These problems with work-conjugacy were, in principle, theoretically demonstrated in 1971. Nonetheless, they have generally been ignored, partly because of some extraneous considerations, partly because in the vast majority of applications, mainly to metals, the errors are negligible. However, with the growing interest in highly compressible materials, soft-in-shear orthotropic materials and quasibrittle materials with softening damage, large discrepancies have been noticed. Often, though, they have been regarded as a matter of choice depending on the type of material or application, rather than as problems with the first law of thermodynamics.
Numerical examples document that the errors can be serious. One is the indentation of a naval-type sandwich plate with a polymeric foam core, in which the error amounts to 29% of the indentation force and 15% in the work of load. Errors from 40% to 100% are demonstrated for the buckling of homogenized sandwich panels planned for a novel type of ribbed ship hulls of super-light and long ships. Errors of similar kind must be expected for all highly compressible materials, such as metallic and ceramic foams, fiber reinforced foam cores, honeycomb, loess, silt, organic soils, pumice, tuff, corral, light wood, osteoporotic bone and various biologic tissues, and for compression damage models in which the material is rendered incrementally highly orthotropic due to dense axial splitting cracks.
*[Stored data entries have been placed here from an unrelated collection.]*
(* Let $A$ be a commutative unital $\mathbb{K}$-algebra equipped with an involution $\dagger:A\to A$ (a linear map with $\dagger\circ\dagger=\mathrm{id}$ and $[a;b]^\dagger=[b^\dagger;a^\dagger]$). Let $q\in\{\theta,\mathrm r,\ell\}$ ($\theta\in\mathbb{K}$) and extend $\dagger$ to $T^+(A)$ by $(a_1\otimes\cdots\otimes a_n)^\dagger:=a_1^\dagger\otimes\cdots\otimes a_n^\dagger$. Then $(T^+(A),\bar\bullet^q,P_A,\dagger)$ is an involutive commutative $\mathbf R_q$-algebra, and together with $i_A:a\mapsto a\otimes1_{\mathbb{K}}$ it is the free involutive commutative $\mathbf R_q$-algebra over $(A,\dagger)$: for every unital commutative $\mathbf R_q$-algebra $(X,P)$ with involution $\dagger'$ commuting with $P$, and every unital algebra morphism $\phi:A\to X$ with $\phi(a^\dagger)=\phi(a)^{\dagger'}$, there is a unique $\mathbf R_q$-algebra morphism $\tilde\phi:T^+(A)\to X$ with $\tilde\phi\circ i_A=\phi$, and it satisfies $\tilde\phi(U^\dagger)=\tilde\phi(U)^{\dagger'}$ for all $U$.
   Context: $\mathbb{K}$ is a field of characteristic $0$; $A$ has product $[a;b]$ and unit $1_A$. $T(A)=\bigoplus_{n\ge0}A^{\otimes n}$, $A^{\otimes0}=\mathbb{K}1_{\mathbb{K}}$, $a\otimes1_{\mathbb{K}}$ identified with $a$. For $q\in\{\theta,\mathrm r,\ell\}$ the product $\bullet^q$ on $T(A)$ is bilinear with $k1_{\mathbb{K}}\bullet^qU=kU=U\bullet^qk1_{\mathbb{K}}$ and for $a,b\in A$, $U,V\in T(A)$: $(a\otimes U)\bullet^q(b\otimes V)=a\otimes(U\bullet^q(b\otimes V))+b\otimes((a\otimes U)\bullet^qV)+M_q$, where $M_\theta=\theta[a;b]\otimes(U\bullet^\theta V)$ (quasi-shuffle of weight $\theta$), $M_{\mathrm r}=-1_A\otimes[a;b]\otimes(U\bullet^{\mathrm r}V)$ (right-shift shuffle), $M_\ell=-[a;b]\otimes1_A\otimes(U\bullet^\ell V)$ (left-shift shuffle). $T^+(A)=A\otimes T(A)$ with product $(a\otimes U)\bar\bullet^q(b\otimes V)=[a;b]\otimes(U\bullet^qV)$, unit $1_A\otimes1_{\mathbb{K}}$, and $P_A(a_1\otimes\cdots\otimes a_n)=1_A\otimes a_1\otimes\cdots\otimes a_n$. An $\mathbf R_\theta$-algebra is a Rota--Baxter algebra of scalar weight $\theta$: $(B,P)$ with $P(x)P(y)=P(P(x)y+xP(y))+\theta P(xy)$; an $\mathbf R_{\mathrm r}$-algebra is a Nijenhuis algebra: $P(x)P(y)=P(P(x)y+xP(y))-P^2(xy)$; an $\mathbf R_\ell$-algebra is a $TD$-algebra: $P(x)P(y)=P(P(x)y+xP(y))-P(xP(1_B)y)$. Morphisms of $\mathbf R_q$-algebras are unital algebra homomorphisms $f$ with $fP_1=P_2f$. An involutive commutative $\mathbf R_q$-algebra is a unital commutative $\mathbf R_q$-algebra $(B,P)$ with an involution $\dagger$ (linear, $\dagger^2=\mathrm{id}$, $(xy)^\dagger=y^\dagger x^\dagger$) satisfying $P(x^\dagger)=P(x)^\dagger$. *)

(* Tensor algebra T(A) and T^+(A) are built as quotients
   (presented as setoids) of free K-modules {malg K[_]} on words. *)
From HB Require Import structures.
From mathcomp Require Import all_boot all_order all_algebra.
From mathcomp Require Import finmap.
From mathcomp Require Import monalg.

Set Implicit Arguments.
Unset Strict Implicit.
Unset Printing Implicit Defensive.

Import GRing.Theory.
Local Open Scope ring_scope.

Inductive wtype (K : Type) : Type :=
  | Wtheta of K   (* Rota--Baxter of weight theta / quasi-shuffle *)
  | Wright        (* Nijenhuis / right-shift shuffle *)
  | Wleft.        (* TD / left-shift shuffle *)
Arguments Wright {K}.
Arguments Wleft {K}.

Section Tensor.
Variables (K : fieldType) (A : comAlgType K).

Definition lin_ext (T : choiceType) (V : lmodType K) (f : T -> V)
  (x : {malg K[T]}) : V :=
  \sum_(s <- msupp x) x@_s *: f s.

Definition bilin_ext (T1 T2 : choiceType) (V : lmodType K)
  (f : T1 -> T2 -> V) (x : {malg K[T1]}) (y : {malg K[T2]}) : V :=
  \sum_(s <- msupp x) \sum_(t <- msupp y) (x@_s * y@_t) *: f s t.

(* Free K-module on words; the word [:: a1; ...; an] stands for the pure
   tensor a1 (x) ... (x) an, and [::] for 1_K. *)
Definition FT := {malg K[seq A]}.
Definition wvec (w : seq A) : FT := << w >>.

Definition consT (a : A) : FT -> FT := lin_ext (fun w => wvec (a :: w)).

Definition Mq (q : wtype K) (a b : A) (X : FT) : FT :=
  match q with
  | Wtheta th => th *: consT (a * b) X
  | Wright => - consT 1 (consT (a * b) X)
  | Wleft => - consT (a * b) (consT 1 X)
  end.

Fixpoint wmul (q : wtype K) (s t : seq A) {struct s} : FT :=
  match s with
  | [::] => wvec t
  | a :: u =>
      let fix wmul_t (t : seq A) : FT :=
        match t with
        | [::] => wvec (a :: u)
        | b :: v => consT a (wmul q u (b :: v)) + consT b (wmul_t v)
                    + Mq q a b (wmul q u v)
        end in
      wmul_t t
  end.

Definition tmul (q : wtype K) : FT -> FT -> FT := bilin_ext (wmul q).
A remedy can be achieved if the previously derived equations relating the tangential moduli tensors associated with the Jaumann rates of Cauchy or Kirchhoff stresses and with the Truesdell rate are used in the user's material subroutine of a black-box implicit commercial program. However, these corrections must be delayed, which accumulates additional numerical integration error. A better remedy would be a revision of the black-box commercial programs.
References
1. Bažant, Z.P. (1971). “A correlation study of incremental deformations and stability of continuous bodies.” Journal of Applied Mechanics ASME, 38, 919--928.
2. Bažant, Z. P., and Cedolin, L., 1991, Stability of Structures: Elastic, Inelastic,Fracture and Damage Theories, Oxford University Press, New York; and 2nd ed, Dover 2003; 3rd ed., World Scientific 2010.
3. Bažant, Z. P., and Beghini, A., 2005, “Which Formulation Allows Using a Constant Shear Modulus for Small-Strain Buckling of Soft-Core Sandwich Structures,” ASME J. Appl. Mech., 72 (5), pp. 785–787.
4. Bažant, Z. P., and Beghini, A., 2006, “Stability and Finite Strain of Homogenized Structures Soft in Shear: Sandwich or Fiber Composites, and Layered Bodies,” Int. J. Solids Struct., 43 (6), pp. 1571–1593.
5. Ji, W., and Waas, A. M., 2008, “Wrinkling and Edge Buckling in Orthotropic Sandwich Beams,” J. Eng. Mech., 134, 455–461.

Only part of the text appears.